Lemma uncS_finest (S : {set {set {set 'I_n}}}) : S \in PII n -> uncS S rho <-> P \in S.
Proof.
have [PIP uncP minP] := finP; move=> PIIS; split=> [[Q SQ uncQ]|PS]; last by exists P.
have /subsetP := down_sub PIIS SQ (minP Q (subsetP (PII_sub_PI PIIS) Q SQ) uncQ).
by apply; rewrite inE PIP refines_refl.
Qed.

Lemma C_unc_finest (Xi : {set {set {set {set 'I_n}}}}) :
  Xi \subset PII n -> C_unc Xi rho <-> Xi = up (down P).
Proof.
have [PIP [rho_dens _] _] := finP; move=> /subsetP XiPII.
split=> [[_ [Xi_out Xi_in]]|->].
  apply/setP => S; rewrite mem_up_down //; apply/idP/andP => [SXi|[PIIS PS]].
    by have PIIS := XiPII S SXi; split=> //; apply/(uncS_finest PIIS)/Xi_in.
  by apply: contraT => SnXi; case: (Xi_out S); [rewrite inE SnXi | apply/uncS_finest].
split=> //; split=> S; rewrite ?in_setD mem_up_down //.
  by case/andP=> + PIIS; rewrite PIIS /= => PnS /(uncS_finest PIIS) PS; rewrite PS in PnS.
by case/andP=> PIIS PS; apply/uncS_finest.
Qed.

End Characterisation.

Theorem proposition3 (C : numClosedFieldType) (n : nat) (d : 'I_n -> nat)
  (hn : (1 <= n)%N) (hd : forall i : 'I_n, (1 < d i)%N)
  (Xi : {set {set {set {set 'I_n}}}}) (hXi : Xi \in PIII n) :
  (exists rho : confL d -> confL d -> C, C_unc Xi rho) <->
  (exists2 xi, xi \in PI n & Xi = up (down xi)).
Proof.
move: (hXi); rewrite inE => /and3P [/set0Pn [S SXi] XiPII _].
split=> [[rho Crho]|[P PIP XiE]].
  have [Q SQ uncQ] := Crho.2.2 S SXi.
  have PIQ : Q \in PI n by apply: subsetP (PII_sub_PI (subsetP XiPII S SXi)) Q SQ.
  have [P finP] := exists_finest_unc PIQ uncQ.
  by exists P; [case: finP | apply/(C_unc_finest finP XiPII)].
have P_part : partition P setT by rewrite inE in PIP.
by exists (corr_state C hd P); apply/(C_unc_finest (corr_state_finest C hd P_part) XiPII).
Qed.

-------------------------

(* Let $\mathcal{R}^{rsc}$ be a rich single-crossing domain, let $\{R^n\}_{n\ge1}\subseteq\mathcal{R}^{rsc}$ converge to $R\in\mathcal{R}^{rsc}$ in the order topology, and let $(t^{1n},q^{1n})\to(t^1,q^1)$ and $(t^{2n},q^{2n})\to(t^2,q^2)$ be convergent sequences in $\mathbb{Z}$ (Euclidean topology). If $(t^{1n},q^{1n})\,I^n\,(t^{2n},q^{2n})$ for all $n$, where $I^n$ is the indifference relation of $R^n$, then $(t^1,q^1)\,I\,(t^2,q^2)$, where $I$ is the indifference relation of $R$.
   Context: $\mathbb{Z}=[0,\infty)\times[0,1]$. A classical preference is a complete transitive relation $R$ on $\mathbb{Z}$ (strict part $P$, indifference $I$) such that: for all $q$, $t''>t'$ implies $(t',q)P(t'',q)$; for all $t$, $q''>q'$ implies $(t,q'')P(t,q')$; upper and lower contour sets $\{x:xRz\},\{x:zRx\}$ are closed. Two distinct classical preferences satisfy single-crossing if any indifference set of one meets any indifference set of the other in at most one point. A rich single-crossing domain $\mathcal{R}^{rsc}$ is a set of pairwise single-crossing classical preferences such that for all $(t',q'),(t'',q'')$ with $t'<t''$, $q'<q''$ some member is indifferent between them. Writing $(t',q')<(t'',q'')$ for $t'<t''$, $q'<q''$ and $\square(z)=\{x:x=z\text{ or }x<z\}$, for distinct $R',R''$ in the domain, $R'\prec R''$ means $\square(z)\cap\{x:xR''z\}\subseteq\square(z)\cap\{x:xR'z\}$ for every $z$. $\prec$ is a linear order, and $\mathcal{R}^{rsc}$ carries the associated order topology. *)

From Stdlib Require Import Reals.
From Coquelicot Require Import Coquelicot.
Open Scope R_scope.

-------------------------

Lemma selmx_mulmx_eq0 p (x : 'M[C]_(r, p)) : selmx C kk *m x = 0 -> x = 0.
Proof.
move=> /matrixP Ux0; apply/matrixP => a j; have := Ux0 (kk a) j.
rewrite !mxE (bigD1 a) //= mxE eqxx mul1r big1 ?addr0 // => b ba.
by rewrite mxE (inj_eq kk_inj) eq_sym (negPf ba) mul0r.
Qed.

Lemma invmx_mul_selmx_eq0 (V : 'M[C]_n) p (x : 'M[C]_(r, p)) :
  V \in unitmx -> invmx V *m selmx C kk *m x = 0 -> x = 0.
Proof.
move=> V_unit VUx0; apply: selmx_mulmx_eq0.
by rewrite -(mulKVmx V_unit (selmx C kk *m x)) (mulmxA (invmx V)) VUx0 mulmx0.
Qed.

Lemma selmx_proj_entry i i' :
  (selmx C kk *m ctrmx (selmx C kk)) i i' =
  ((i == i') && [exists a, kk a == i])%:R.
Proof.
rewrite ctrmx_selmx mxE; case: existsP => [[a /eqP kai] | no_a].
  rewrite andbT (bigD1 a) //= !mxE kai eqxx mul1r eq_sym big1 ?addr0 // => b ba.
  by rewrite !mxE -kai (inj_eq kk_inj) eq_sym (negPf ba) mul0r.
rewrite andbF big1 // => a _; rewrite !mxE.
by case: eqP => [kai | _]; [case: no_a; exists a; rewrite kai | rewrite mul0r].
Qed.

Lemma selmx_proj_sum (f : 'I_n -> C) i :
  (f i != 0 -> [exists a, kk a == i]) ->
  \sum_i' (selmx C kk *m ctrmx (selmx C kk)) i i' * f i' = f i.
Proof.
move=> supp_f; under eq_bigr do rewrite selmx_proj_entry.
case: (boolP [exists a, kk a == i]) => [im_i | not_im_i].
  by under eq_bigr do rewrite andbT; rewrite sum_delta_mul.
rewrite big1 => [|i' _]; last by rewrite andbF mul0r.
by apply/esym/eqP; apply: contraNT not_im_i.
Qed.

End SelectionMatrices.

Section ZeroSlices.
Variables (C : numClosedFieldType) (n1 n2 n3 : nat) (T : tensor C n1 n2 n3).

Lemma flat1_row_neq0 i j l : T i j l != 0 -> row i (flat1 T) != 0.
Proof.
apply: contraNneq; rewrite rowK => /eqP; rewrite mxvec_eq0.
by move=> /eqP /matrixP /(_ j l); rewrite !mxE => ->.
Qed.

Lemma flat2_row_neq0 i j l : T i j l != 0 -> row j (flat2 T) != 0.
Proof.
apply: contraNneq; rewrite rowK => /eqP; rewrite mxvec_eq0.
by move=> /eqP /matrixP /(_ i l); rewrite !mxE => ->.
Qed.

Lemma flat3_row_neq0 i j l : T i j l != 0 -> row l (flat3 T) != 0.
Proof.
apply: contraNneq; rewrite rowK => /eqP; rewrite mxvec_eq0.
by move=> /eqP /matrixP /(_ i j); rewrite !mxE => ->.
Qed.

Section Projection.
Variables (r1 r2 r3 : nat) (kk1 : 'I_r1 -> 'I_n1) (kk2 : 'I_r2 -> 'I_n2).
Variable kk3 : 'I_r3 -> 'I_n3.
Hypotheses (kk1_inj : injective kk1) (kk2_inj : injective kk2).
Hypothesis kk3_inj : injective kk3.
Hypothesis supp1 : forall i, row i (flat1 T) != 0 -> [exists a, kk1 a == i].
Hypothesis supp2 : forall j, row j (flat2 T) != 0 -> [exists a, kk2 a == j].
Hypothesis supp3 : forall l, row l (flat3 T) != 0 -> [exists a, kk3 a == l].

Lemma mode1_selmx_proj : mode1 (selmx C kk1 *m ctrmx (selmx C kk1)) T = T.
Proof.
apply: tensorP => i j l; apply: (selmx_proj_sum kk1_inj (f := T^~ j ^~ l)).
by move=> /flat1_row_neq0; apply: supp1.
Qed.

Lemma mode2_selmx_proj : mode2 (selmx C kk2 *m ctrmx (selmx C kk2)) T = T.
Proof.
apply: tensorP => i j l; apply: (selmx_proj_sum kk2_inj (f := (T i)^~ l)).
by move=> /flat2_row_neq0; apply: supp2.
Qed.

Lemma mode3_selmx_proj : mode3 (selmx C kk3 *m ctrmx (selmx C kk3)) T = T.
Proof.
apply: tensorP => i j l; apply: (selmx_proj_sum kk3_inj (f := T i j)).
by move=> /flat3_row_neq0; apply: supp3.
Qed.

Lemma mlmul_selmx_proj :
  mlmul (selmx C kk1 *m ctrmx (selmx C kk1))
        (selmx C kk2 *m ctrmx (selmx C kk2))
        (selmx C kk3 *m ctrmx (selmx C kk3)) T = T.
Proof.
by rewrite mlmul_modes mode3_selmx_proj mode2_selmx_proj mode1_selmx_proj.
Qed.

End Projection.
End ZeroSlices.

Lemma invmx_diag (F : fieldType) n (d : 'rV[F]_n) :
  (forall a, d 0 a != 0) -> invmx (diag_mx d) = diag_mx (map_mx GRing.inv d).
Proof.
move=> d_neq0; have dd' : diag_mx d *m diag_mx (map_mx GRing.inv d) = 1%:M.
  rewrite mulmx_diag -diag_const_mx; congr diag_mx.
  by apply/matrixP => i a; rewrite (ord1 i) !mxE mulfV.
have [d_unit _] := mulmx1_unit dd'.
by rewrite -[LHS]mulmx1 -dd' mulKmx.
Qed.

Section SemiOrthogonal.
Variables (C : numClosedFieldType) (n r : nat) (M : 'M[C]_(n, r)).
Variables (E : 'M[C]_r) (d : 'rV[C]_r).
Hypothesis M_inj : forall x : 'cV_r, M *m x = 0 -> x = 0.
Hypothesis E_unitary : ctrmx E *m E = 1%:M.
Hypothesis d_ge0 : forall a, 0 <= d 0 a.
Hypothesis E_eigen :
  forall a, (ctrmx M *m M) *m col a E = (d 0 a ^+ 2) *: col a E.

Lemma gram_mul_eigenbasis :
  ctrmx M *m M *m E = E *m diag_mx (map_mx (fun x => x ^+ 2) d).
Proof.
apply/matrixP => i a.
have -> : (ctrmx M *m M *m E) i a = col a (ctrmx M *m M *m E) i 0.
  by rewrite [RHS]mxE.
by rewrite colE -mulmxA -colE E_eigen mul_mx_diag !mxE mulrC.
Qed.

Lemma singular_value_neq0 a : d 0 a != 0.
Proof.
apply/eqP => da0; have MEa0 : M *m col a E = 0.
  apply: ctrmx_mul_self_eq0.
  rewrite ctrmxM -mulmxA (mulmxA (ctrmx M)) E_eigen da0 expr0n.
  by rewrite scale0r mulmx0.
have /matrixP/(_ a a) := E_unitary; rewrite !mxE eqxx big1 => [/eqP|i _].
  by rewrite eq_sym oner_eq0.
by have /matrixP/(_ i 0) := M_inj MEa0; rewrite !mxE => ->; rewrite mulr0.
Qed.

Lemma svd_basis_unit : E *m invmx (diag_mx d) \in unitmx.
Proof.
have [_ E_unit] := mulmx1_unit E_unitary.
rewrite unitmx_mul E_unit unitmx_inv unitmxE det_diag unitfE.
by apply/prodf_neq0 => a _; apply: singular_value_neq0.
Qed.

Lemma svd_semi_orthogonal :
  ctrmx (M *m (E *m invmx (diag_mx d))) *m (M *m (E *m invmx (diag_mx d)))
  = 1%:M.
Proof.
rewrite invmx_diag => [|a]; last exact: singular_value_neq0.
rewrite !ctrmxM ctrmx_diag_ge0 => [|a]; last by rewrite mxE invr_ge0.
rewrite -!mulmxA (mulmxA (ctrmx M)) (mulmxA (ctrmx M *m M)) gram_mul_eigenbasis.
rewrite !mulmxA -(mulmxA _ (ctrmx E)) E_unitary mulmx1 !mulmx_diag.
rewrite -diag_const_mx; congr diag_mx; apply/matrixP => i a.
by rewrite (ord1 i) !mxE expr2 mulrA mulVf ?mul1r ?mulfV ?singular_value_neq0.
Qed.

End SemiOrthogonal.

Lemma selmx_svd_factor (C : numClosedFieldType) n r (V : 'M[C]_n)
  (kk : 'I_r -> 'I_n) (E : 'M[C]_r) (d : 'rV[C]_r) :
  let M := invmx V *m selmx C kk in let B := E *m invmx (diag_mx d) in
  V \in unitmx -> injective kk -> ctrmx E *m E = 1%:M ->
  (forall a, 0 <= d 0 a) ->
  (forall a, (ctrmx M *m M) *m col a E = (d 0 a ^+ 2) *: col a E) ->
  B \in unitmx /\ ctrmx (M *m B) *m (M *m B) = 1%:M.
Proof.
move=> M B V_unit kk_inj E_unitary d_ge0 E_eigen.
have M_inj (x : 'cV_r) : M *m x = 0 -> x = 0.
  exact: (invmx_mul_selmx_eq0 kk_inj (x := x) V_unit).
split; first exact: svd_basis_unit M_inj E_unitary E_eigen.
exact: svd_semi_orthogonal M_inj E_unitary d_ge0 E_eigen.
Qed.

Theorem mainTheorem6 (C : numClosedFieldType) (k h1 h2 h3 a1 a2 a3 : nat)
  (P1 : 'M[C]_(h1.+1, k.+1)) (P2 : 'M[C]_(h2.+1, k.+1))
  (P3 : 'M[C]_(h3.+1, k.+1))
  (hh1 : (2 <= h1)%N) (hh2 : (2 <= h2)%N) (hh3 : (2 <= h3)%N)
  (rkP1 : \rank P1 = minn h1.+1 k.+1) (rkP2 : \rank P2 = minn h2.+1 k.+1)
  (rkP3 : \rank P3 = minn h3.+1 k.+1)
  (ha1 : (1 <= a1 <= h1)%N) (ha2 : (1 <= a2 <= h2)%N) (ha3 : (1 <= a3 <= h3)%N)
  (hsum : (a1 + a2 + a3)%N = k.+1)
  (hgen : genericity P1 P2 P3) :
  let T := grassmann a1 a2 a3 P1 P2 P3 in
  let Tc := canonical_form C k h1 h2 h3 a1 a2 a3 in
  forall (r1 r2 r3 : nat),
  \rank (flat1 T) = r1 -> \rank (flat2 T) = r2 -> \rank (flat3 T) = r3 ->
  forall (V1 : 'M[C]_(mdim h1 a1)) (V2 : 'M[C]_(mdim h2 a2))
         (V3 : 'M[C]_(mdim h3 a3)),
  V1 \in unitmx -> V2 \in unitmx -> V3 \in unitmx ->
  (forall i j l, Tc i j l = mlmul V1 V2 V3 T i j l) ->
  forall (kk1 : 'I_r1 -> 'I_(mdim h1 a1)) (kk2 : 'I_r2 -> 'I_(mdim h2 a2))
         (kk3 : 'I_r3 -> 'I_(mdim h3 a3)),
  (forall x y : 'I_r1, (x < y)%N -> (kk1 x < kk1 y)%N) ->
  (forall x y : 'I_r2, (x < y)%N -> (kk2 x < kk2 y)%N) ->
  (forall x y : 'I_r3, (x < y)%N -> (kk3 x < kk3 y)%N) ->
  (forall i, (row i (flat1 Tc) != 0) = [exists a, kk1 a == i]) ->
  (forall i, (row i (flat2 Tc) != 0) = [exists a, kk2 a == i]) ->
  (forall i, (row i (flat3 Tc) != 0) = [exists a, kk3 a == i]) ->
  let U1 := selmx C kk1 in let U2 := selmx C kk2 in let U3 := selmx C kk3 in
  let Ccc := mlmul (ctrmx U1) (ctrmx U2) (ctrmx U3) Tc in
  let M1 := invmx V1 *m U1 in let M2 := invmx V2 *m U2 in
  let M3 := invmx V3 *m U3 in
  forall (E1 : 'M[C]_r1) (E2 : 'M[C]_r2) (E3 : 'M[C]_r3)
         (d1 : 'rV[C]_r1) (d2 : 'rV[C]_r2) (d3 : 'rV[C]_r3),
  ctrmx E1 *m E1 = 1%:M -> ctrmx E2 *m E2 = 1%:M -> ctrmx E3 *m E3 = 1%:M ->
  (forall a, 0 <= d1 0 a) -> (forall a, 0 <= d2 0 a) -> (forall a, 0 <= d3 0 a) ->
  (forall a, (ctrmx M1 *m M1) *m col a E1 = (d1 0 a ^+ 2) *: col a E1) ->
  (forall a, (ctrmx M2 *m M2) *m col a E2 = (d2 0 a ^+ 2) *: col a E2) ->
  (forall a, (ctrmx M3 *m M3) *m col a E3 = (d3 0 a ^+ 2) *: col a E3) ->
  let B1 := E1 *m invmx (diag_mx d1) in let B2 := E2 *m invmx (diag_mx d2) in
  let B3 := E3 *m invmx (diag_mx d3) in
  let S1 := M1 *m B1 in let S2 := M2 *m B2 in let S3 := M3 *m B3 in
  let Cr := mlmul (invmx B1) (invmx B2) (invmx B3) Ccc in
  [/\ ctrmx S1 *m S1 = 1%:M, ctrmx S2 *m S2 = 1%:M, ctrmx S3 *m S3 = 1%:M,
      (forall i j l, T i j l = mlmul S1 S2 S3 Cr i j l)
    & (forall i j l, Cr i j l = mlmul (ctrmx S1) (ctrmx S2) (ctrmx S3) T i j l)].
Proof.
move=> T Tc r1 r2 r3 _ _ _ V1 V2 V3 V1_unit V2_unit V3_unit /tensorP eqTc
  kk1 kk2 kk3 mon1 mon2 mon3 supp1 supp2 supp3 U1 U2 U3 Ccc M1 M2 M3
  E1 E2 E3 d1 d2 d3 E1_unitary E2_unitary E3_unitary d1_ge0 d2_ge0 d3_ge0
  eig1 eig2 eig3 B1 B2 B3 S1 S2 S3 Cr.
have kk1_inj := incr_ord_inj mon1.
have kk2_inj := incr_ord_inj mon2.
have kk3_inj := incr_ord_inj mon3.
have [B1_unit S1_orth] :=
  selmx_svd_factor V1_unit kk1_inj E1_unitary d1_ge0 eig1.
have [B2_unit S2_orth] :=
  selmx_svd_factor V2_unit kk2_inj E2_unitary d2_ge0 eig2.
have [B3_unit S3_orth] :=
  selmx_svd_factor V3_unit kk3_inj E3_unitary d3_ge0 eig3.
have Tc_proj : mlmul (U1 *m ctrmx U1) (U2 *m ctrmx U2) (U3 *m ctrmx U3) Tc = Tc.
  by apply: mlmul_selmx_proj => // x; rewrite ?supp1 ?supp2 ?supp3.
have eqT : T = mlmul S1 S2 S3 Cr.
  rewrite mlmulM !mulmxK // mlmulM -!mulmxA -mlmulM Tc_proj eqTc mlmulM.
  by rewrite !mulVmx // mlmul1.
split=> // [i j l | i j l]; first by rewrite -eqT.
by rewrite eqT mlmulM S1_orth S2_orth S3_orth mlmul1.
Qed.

-------------------------

Taking the lines above, repeat exactly those from the line that contains "Lemma uncS_finest (S" through the line that contains "End Characterisation.", and both of those lines as well. Include nothing else.

> TASK RESPONSE
Lemma uncS_finest (S : {set {set {set 'I_n}}}) : S \in PII n -> uncS S rho <-> P \in S.
Proof.
have [PIP uncP minP] := finP; move=> PIIS; split=> [[Q SQ uncQ]|PS]; last by exists P.
have /subsetP := down_sub PIIS SQ (minP Q (subsetP (PII_sub_PI PIIS) Q SQ) uncQ).
by apply; rewrite inE PIP refines_refl.
Qed.

Lemma C_unc_finest (Xi : {set {set {set {set 'I_n}}}}) :
  Xi \subset PII n -> C_unc Xi rho <-> Xi = up (down P).
Proof.
have [PIP [rho_dens _] _] := finP; move=> /subsetP XiPII.
split=> [[_ [Xi_out Xi_in]]|->].
  apply/setP => S; rewrite mem_up_down //; apply/idP/andP => [SXi|[PIIS PS]].
    by have PIIS := XiPII S SXi; split=> //; apply/(uncS_finest PIIS)/Xi_in.
  by apply: contraT => SnXi; case: (Xi_out S); [rewrite inE SnXi | apply/uncS_finest].
split=> //; split=> S; rewrite ?in_setD mem_up_down //.
  by case/andP=> + PIIS; rewrite PIIS /= => PnS /(uncS_finest PIIS) PS; rewrite PS in PnS.
by case/andP=> PIIS PS; apply/uncS_finest.
Qed.

End Characterisation.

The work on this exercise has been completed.